Oh, and she called out the husband-to-be as dead-by-the-end on his first appearence in the teaser - by any modern standard that stuff is so cliche and so telegraphed in the episode that I guess it's hard to miss.

By the time we got to the part where everyone turned off the noisemakers and lights on the bridge so as not to alert people on another spaceship somewhere many kilometers off in the vacuum of space as to their whereabouts I knew it was a lost cause. I accepted that I'm predisposed not even to see the incongruities, illogic and silliness of the TOS episodes that I consider good.

And this person wasn't even hostile to the thing - she kind of enjoyed it. When I explained that it was copied from a destroyer-versus-submarine story some of the nonsense in the story immediately fell into place for her. And in any event she said that an alien being named "Nero" made more sense having seen centurions and a guy named "Decius" running around on the bird-of-prey in this one. :lol:
 
We forgive these things because we are enjoying the telling of the story.

If we are not enjoying the telling (or dramatization, etc.), for whatever reason, then flaws will be magnified in our perception.

And that principle explains the attitudes of both the folks who think that Trek XI has a fine story and those who think the story is badly told.

Absolutely Right (TM).

Trek XI is still a mediocre movie, though. ;)
 
We forgive these things because we are enjoying the telling of the story.

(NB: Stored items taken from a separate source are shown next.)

Lemma is_series_bs_out_prob_vacuum eta nB r : 0 <= eta <= 1 -> 0 <= nB ->
  is_series (bs_out_prob eta nB r 0) (vac_prob eta nB r).
Proof.
  intros Heta HnB; set (x := nB / (1 + nB)).
  pose proof (thermal_ratio_bounds nB HnB) as Hx; fold x in Hx.
  assert (Hetax : 0 <= eta * x < 1)
    by (split; [apply Rmult_le_pos|apply Rle_lt_trans with x; [rewrite <- (Rmult_1_l x) at 2; apply Rmult_le_compat_r|]]; lra).
  set (v := fun k => (1 - eta) ^ r * / (1 + nB) * (Binomial.C (r + k) r * (eta * x) ^ k)).
  apply (is_series_ext_R (fun e => if (r <=? e)%nat then v (e - r)%nat else 0)).
  - intros e; unfold bs_out_prob; cbn [Nat.add]; destruct (Nat.leb_spec r e); [|reflexivity].
    rewrite bs_sq_to_environment, thermal_prob_geom by auto; fold x; unfold v.
    replace (r + (e - r))%nat with e by lia; rewrite Rpow_mult_distr; ring.
  - replace (vac_prob eta nB r) with ((1 - eta) ^ r * / (1 + nB) * / (1 - eta * x) ^ S r).
    + apply is_series_shift, (is_series_scal_l ((1 - eta) ^ r * / (1 + nB))
                                (fun k => Binomial.C (r + k) r * (eta * x) ^ k)).
      now apply is_series_neg_binomial.
    + assert (HN : 0 < 1 + (1 - eta) * nB) by nra.
      assert (E : 1 - eta * x = (1 + (1 - eta) * nB) / (1 + nB)) by (unfold x; field; lra).
      unfold vac_prob; rewrite E; unfold Rdiv; rewrite !Rpow_mult_distr, !pow_inv; simpl pow.
      field; repeat split; try apply pow_nonzero; lra.
Qed.

Lemma is_series_bs_out_click eta nB r : 0 <= eta <= 1 -> 0 <= nB ->
  is_series (fun a => if (1 <=? a)%nat then Series (bs_out_prob eta nB r a) else 0)
            (1 - vac_prob eta nB r).
Proof.
  intros Heta HnB.
  assert (Hrows : is_series (fun a => Series (bs_out_prob eta nB r a)) 1).
  { apply is_series_rows; [intros; apply bs_out_prob_nonneg, HnB|].
    apply (is_series_ext_R (fun M => if (r <=? M)%nat then thermal_prob nB (M - r) else 0)).
    - intros M; symmetry; apply antidiag_sum_bs_out_prob, Heta.
    - apply is_series_shift, is_series_thermal_prob, HnB. }
  replace (vac_prob eta nB r) with (Series (bs_out_prob eta nB r 0))
    by (apply is_series_unique, is_series_bs_out_prob_vacuum; auto).
  exact (is_series_tail _ _ Hrows).
Qed.

Lemma tmsv_amp_sq ns r : 0 < ns -> tmsv_amp ns r * tmsv_amp ns r = thermal_prob ns r.
Proof. intros Hns; apply sqrt_sqrt, thermal_prob_nonneg; lra. Qed.

Lemma reduced_R_diag ns r : 0 < ns -> reduced_R ns r r = thermal_prob ns r.
Proof.
  intros Hns; rewrite <- tmsv_amp_sq by exact Hns; apply is_series_unique.
  replace (tmsv_amp ns r * tmsv_amp ns r) with (tmsv ns r r r r)
    by (unfold tmsv; now rewrite Nat.eqb_refl).
  apply (is_series_single (fun a => tmsv ns r a r a)); intros a Ha.
  unfold tmsv; destruct (Nat.eqb_spec r a); [lia|ring].
Qed.

Lemma apply_bs_init_H0_diag ns eta nB r a e : 0 < ns ->
  apply_bs eta (init_H0 ns nB) r a e r a e = thermal_prob ns r * bs_out_prob eta nB 0 a e.
Proof.
  intros Hns; unfold apply_bs, init_H0; rewrite <- sum_n_Reals.
  rewrite (sum_n_single _ 0%nat); cbn [Nat.leb].
  - rewrite <- sum_n_Reals, (sum_n_single _ 0%nat); cbn [Nat.leb].
    + rewrite !Nat.sub_0_r, reduced_R_diag by exact Hns.
      unfold bs_out_prob, vac, thermal, thermal_prob; rewrite !Nat.eqb_refl; simpl.
      rewrite !Nat.sub_0_r; ring.
    + intros i Hi; unfold vac; destruct (Nat.eqb_spec i 0); [lia|]; simpl; ring.
  - intros i Hi; rewrite <- sum_n_Reals; apply sum_n_zero; intros j _; unfold vac.
    destruct (Nat.eqb_spec i 0); [lia|]; simpl; ring.
Qed.

Lemma apply_bs_init_H1_diag ns eta nB r a e : 0 < ns ->
  apply_bs eta (init_H1 ns nB) r a e r a e = thermal_prob ns r * bs_out_prob eta nB r a e.
Proof.
  intros Hns; unfold apply_bs, init_H1; rewrite <- sum_n_Reals.
  rewrite (sum_n_single _ r).
  - unfold bs_out_prob; destruct (Nat.leb_spec r (a + e)); [|ring].
    rewrite <- sum_n_Reals, (sum_n_single _ r).
    + destruct (Nat.leb_spec r (a + e)); [|lia].
      unfold tmsv, thermal; rewrite !Nat.eqb_refl, <- tmsv_amp_sq by exact Hns.
      unfold thermal_prob; ring.
    + intros i Hi; unfold tmsv; destruct (Nat.eqb_spec r i); [lia|ring].
  - intros i Hi; rewrite <- sum_n_Reals; apply sum_n_zero; intros j _; unfold tmsv.
    destruct (Nat.eqb_spec r i); [lia|ring].
Qed.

If we are not enjoying the telling (or dramatization, etc.), for whatever reason, then flaws will be magnified in our perception.

And that principle explains the attitudes of both the folks who think that Trek XI has a fine story and those who think the story is badly told.

Absolutely Right (TM).

Trek XI is still a mediocre movie, though.

It's great, actually...well, okay, it's better than most all of the other Trek movies. I suppose it's possible to accomplish that and still be mediocre, but I'm fond of a number of them anyway.